We have the following two rules for handling overlaps between rods:

(1) - If the 'contour' of one rod (say, 'Rod A') completely covers another (say, 'Rod B'), i.e. where (Rod A-LHS) < (Rod B-LHS) and (Rod A-RHS) > (Rod B-RHS), we remove 'Rod B' from from the line and no longer consider it.

(2) - If there is only a partial overlap in the contours of two rods, 'Rod A' and 'Rod B', the length of this overlap is split evenly and each half is added to the contours of 'Rod A' and 'Rod B', respectively.


Starting from our initial exponential distribution of rod lengths, $(l_1, ..., l_k, ..., l_N)$, after this overlap-splitting process what is the new probability distribution for the length of some rod, $l_k$?


A few observations:

As $\lambda \rightarrow \infty$, the number of rods left on the line (after overlaps are handled) should increase, and the mean rod length should decrease.

As $N \rightarrow \infty$, the number of overlap-processed rods left on the line should increase, and the mean rod length should decrease. Intuitively I would expect that the number of rods remaining on the line after overlap processing will increase ever more slowly with $N$ after some threshold/'saturation' value is reached (presumably where the line is completely covered with rods).

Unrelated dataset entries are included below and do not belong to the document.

(* Let $\beta=1+\delta$ with $\delta=\delta(n)>0$ and $\delta^2n\to\infty$, and let $(S_t)$ be the normalized magnetization chain of the Glauber dynamics for the mean-field Ising model on $n$ vertices. Let $g(x)=\frac{\tanh(\beta x)-x}{1-x\tanh(\beta x)}$, $\zeta$ (the state nearest to) the unique positive root of $g$, $\tau_\zeta=\min\{t:S_t=\zeta\}$ and $t_{\mathrm{exp}}=\frac n\delta\exp\big(\frac n2\int_0^\zeta\log\frac{1+g(x)}{1-g(x)}dx\big)$. Then $\mathbb{E}_1\tau_\zeta=o(t_{\mathrm{exp}})$.
   Context: For $n\ge1$ and $\beta\ge0$, the mean-field Ising measure on $\{1,-1\}^n$ is $\mu_n(\sigma)\propto\exp\big(\frac{\beta}{n}\sum_{x<y}\sigma(x)\sigma(y)\big)$; the heat-bath Glauber dynamics chooses a uniform vertex and resamples its spin from $\mu_n$ conditioned on the other spins. The magnetization chain $S_t=\frac1n\sum_iX_t(i)$ is the birth-and-death chain on $\{-1,-1+\frac2n,\dots,1\}$ with $P(x,x+\frac2n)=\frac{1-x}{2}\cdot\frac{1+\tanh(\beta(x+1/n))}{2}$, $P(x,x-\frac2n)=\frac{1+x}{2}\cdot\frac{1-\tanh(\beta(x-1/n))}{2}$, remaining mass on $P(x,x)$. $\mathbb{E}_1$ denotes expectation for the chain started at $S_0=1$. *)

From Stdlib Require Import Reals Lra Lia.
From Coquelicot Require Import Coquelicot.
Open Scope R_scope.

Definition tanh (x : R) : R := (exp x - exp (- x)) / (exp x + exp (- x)).

Definition gfun (beta x : R) : R :=
  (tanh (beta * x) - x) / (1 - x * tanh (beta * x)).

(* State of the magnetization chain with index k in {0..n}: x = -1 + 2k/n. *)
Definition st (n k : nat) : R := -1 + 2 * INR k / INR n.

Definition pup (beta : R) (n k : nat) : R :=
  let x := st n k in (1 - x) / 2 * ((1 + tanh (beta * (x + 1 / INR n))) / 2).
Definition pdown (beta : R) (n k : nat) : R :=
  let x := st n k in (1 + x) / 2 * ((1 - tanh (beta * (x - 1 / INR n))) / 2).
Definition pstay (beta : R) (n k : nat) : R := 1 - pup beta n k - pdown beta n k.

(* killed[beta,n,kz] t k = P_1(S_t = st n k and S_s <> st n kz for all s <= t),
   the chain started at S_0 = 1 (index n). *)
Fixpoint killed (beta : R) (n kz : nat) (t k : nat) : R :=
  match t with
  | O => if Nat.eqb k n then (if Nat.eqb k kz then 0 else 1) else 0
  | S t' =>
      if Nat.eqb k kz then 0 else
      if Nat.leb k n then
        (match k with
         | O => 0
         | S k' => killed beta n kz t' k' * pup beta n k'
         end)
        + killed beta n kz t' k * pstay beta n k
        + (if Nat.leb (S k) n then killed beta n kz t' (S k) * pdown beta n (S k) else 0)
      else 0
  end.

As $\lambda \rightarrow -\infty$, there should be fewer rods left remaining on the line after overlap processing, and the mean rod length should increase. At some sufficiently large value of $\lambda$, we should be left with only a single rod on the line which has the left-most/smallest LHS-side. If we also have that $N \rightarrow \infty$, the mean length of the rod should approach the unit length of the line.

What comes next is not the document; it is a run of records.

From mathcomp Require Import all_boot all_order all_algebra.
From mathcomp Require Import finmap zify.
Import GRing.Theory.
Set Implicit Arguments. Unset Strict Implicit. Unset Printing Implicit Defensive.
Local Open Scope fset_scope.
Local Open Scope ring_scope.

(* Let A_k = {x : mu(x) > k} for k < l, so that A_0 = A and sum_k |A_k| = sum_x mu(x).
   Picking one element in each A_k uses every value x at most mu(x) <= rho_x(a) times, so
   A_(l-1) + ... + A_1 + A_0 lies in Sigma^l(a).  Below p(G) the Cauchy-Davenport theorem
   makes each of the l - 1 additions grow the size by at least |A_k| - 1, and the hypothesis
   says that |Sigma^l(a)| is exactly this lower bound; in particular
   |A_0 + A_1| = |A_0| + |A_1| - 1 with |A_1| >= 2, and Vosper's theorem makes A_0 an
   arithmetic progression.  Vosper needs |A_0 + A_1| < p(G) - 1: for l = 2 this is the
   hypothesis, for l >= 3 it comes from a third level with two elements, obtained if
   necessary by moving an element of multiplicity 2 from A_1 to A_2.
   Both additive theorems are proved by induction on |Y| with Dyson's e-transform; the
   degenerate cases produce a set X with X + g = X for some g != 0, hence a subgroup of
   order at most |X|. *)

Lemma cardfs_gt1_elems (K : choiceType) (A : {fset K}) :
  (1 < #|` A|)%N -> exists y y', [/\ y \in A, y' \in A & y' != y].
Proof.
move=> A2; have /fset0Pn[y yA] : A != fset0 by rewrite -cardfs_gt0 ltnW.
have /fset0Pn[y' /fsetD1P[y'y y'A]] : A `\ y != fset0.
  by rewrite -cardfs_gt0; move: A2; rewrite (cardfsD1 y) yA.
by exists y, y'.
Qed.

Lemma cardfs2_elems (K : choiceType) (A : {fset K}) :
  #|` A| = 2%N -> exists y y', y' != y /\ A = [fset y; y'].
Proof.
move=> A2; have [|y [y' [yA y'A y'y]]] := cardfs_gt1_elems (A := A); first by rewrite A2.
exists y, y'; split => //; apply/eqP; rewrite eq_sym eqEfcard cardfs2 eq_sym y'y A2.
by rewrite fsubUset !fsub1set yA y'A.
Qed.

Section SmallSubgroups.
Variable G : zmodType.

(* [pG_gt G N] states N < p(G). *)
Definition pG_gt (N : nat) : Prop :=
  forall H : seq G, finite_nontrivial_subgroup H -> (N < size H)%N.

Lemma pG_gtW N M : pG_gt N -> (M <= N)%N -> pG_gt M.
Proof. by move=> hN MN H /hN; apply: leq_ltn_trans. Qed.

Lemma mulrn_modn (g : G) n t : g *+ n = 0 -> g *+ t = g *+ (t %% n).
Proof. by move=> gn; rewrite {1}(divn_eq t n) mulrnDr mulnC mulrnA gn mul0rn add0r. Qed.

(* The multiples [g *+ i], [i < n], form a subgroup whenever [g *+ n = 0], even if n is
   not the order of g. *)
Lemma torsion_subgroup (g : G) n : g != 0 -> (0 < n)%N -> g *+ n = 0 ->
  exists2 H : seq G, finite_nontrivial_subgroup H & (size H <= n)%N.
Proof.
move=> g0 n0 gn; set H := undup [seq g *+ i | i <- iota 0 n].
have memH i : g *+ i \in H.
  by rewrite mem_undup (mulrn_modn i gn); apply: map_f; rewrite mem_iota ltn_pmod.
exists H; last by rewrite (leq_trans (size_undup _)) // size_map size_iota.
split; rewrite ?undup_uniq ?(memH 0%N) //.
- move=> x y; rewrite !mem_undup => /mapP[i _ ->] /mapP[j]; rewrite mem_iota => /andP[_ jn] ->.
  have -> : - (g *+ j) = g *+ (n - j) by rewrite mulrnBr ?gn ?sub0r // ltnW.
  by rewrite -mulrnDr -mem_undup memH.
- apply: (@uniq_leq_size _ [:: 0; g]); first by rewrite /= inE eq_sym g0.
  by move=> x; rewrite !inE => /orP[]/eqP->; [apply: (memH 0%N) | apply: (memH 1%N)].
Qed.

Lemma orbit_leaves (X : {fset G}) x0 g : g != 0 -> pG_gt #|` X| ->
  exists2 i, (i <= #|` X|)%N & x0 + g *+ i \notin X.
Proof.
move=> g0 hX.
have /allPn[i] : ~~ all (fun i => x0 + g *+ i \in X) (iota 0 #|` X|.+1).
  apply/allP => inX.
  have /(uniqPn 0)[i [j [ij]]] : ~~ uniq [seq x0 + g *+ i | i <- iota 0 #|` X|.+1].
    apply/negP => U; suff: (#|` X|.+1 <= #|` X|)%N by rewrite ltnn.
    rewrite -{1}(size_iota 0 #|` X|.+1) -(size_map (fun i => x0 + g *+ i)).
    by apply: uniq_leq_size U _ => _ /mapP[i iX ->]; apply: inX.
  rewrite size_map size_iota => jX.
  rewrite !(nth_map 0%N) ?size_iota ?(ltn_trans ij) // !nth_iota ?(ltn_trans ij) //.
  rewrite !add0n => /addrI gij.
  have gji : g *+ (j - i) = 0 by rewrite mulrnBr ?gij ?subrr // ltnW.
  have ji0 : (0 < j - i)%N by rewrite subn_gt0.
  by have [H /hX] := torsion_subgroup g0 ji0 gji; lia.
by rewrite mem_iota ltnS => /andP[_ iX] iout; exists i.
Qed.

Lemma orbit_exit (X : {fset G}) x0 g : g != 0 -> pG_gt #|` X| ->
  exists i, [/\ (i <= #|` X|)%N, x0 + g *+ i \notin X &
                forall j, (j < i)%N -> x0 + g *+ j \in X].
Proof.
move=> g0 hX; have [i0 i0X i0out] := orbit_leaves x0 g0 hX.
have exit : exists i, (i <= #|` X|)%N && (x0 + g *+ i \notin X) by exists i0; rewrite i0X.
have [i /andP[iX iout] imin] := ex_minnP exit.
exists i; split => // j ji; apply/negPn/negP => jout.
by have := imin j; rewrite jout andbT => /(_ (leq_trans (ltnW ji) iX)); lia.
Qed.

Lemma not_shift_closed (X : {fset G}) x0 g : x0 \in X -> g != 0 -> pG_gt #|` X| ->
  ~ (forall x, x \in X -> x + g \in X).
Proof.
move=> x0X g0 hX closedX; have [i _ /negP[]] := orbit_leaves x0 g0 hX.
by elim: i => [|i IH]; rewrite ?mulr0n ?addr0 // mulrSr addrA closedX.
Qed.

End SmallSubgroups.

Section Sumsets.
Variable G : zmodType.
Implicit Types X Y : {fset G}.

Definition sumset X Y : {fset G} := [fset x + y | x in X, y in Y].
Definition shift X (c : G) : {fset G} := [fset x + c | x in X].

Lemma sumsetP X Y z :
  reflect (exists2 x, x \in X & exists2 y, y \in Y & z = x + y) (z \in sumset X Y).
Proof. exact: imfset2P. Qed.

Lemma mem_sumset X Y x y : x \in X -> y \in Y -> x + y \in sumset X Y.
Proof. by move=> xX yY; apply/sumsetP; exists x => //; exists y. Qed.

Lemma sumsetS X Y X' Y' : X `<=` X' -> Y `<=` Y' -> sumset X Y `<=` sumset X' Y'.
Proof.
move=> /fsubsetP sX /fsubsetP sY; apply/fsubsetP => _ /sumsetP[x xX [y yY ->]].
by rewrite mem_sumset ?sX ?sY.
Qed.

Lemma sumsetC X Y : sumset X Y = sumset Y X.
Proof.
by apply/fsetP => z; apply/sumsetP/sumsetP => -[x xX [y yY ->]];
  exists y => //; exists x => //; rewrite addrC.
Qed.

Lemma mem_shift X c z : (z \in shift X c) = (z - c \in X).
Proof.
apply/imfsetP/idP => [[x xX ->]|zX]; first by rewrite addrK.
by exists (z - c) => //; rewrite subrK.
Qed.

Lemma card_shift X c : #|` shift X c| = #|` X|.
Proof. by rewrite card_imfset //= => x y /addIr. Qed.

Lemma sumset1 X c : sumset X [fset c] = shift X c.
Proof.
apply/fsetP => z; rewrite mem_shift; apply/sumsetP/idP => [[x xX [_ /fset1P -> ->]]|zX].
  by rewrite addrK.
by exists (z - c) => //; exists c; rewrite ?fset11 ?subrK.
Qed.

Lemma sumset0 X : sumset X [fset 0] = X.
Proof. by apply/fsetP => z; rewrite sumset1 mem_shift subr0. Qed.

Lemma leq_card_sumsetl X Y y : y \in Y -> (#|` X| <= #|` sumset X Y|)%N.
Proof.
move=> yY; rewrite -(card_shift X y) -sumset1.
by apply/fsubset_leq_card/sumsetS; rewrite ?fsub1set.
Qed.

Lemma leq_card_sumsetr X Y x : x \in X -> (#|` Y| <= #|` sumset X Y|)%N.
Proof. by rewrite sumsetC; apply: leq_card_sumsetl. Qed.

As $N \rightarrow 0$, there should be fewer rods, and an increasing mean rod length.


Inspired by Joseph O'Rourke's answer, and some simulation results of mine, if one fixes $\lambda$ and lets $N \rightarrow \infty$, one appears to converge to a rod length distribution centered around a mean value somewhere between $\frac{L}{2}$ and $L$, where $L$ is the original mean length of the rods before overlap processing. However, this distribution appears to be Gaussian, not uniform.

Do we actually converge to a Gaussian distribution? How does the distribution and its variance change with increasing $N$?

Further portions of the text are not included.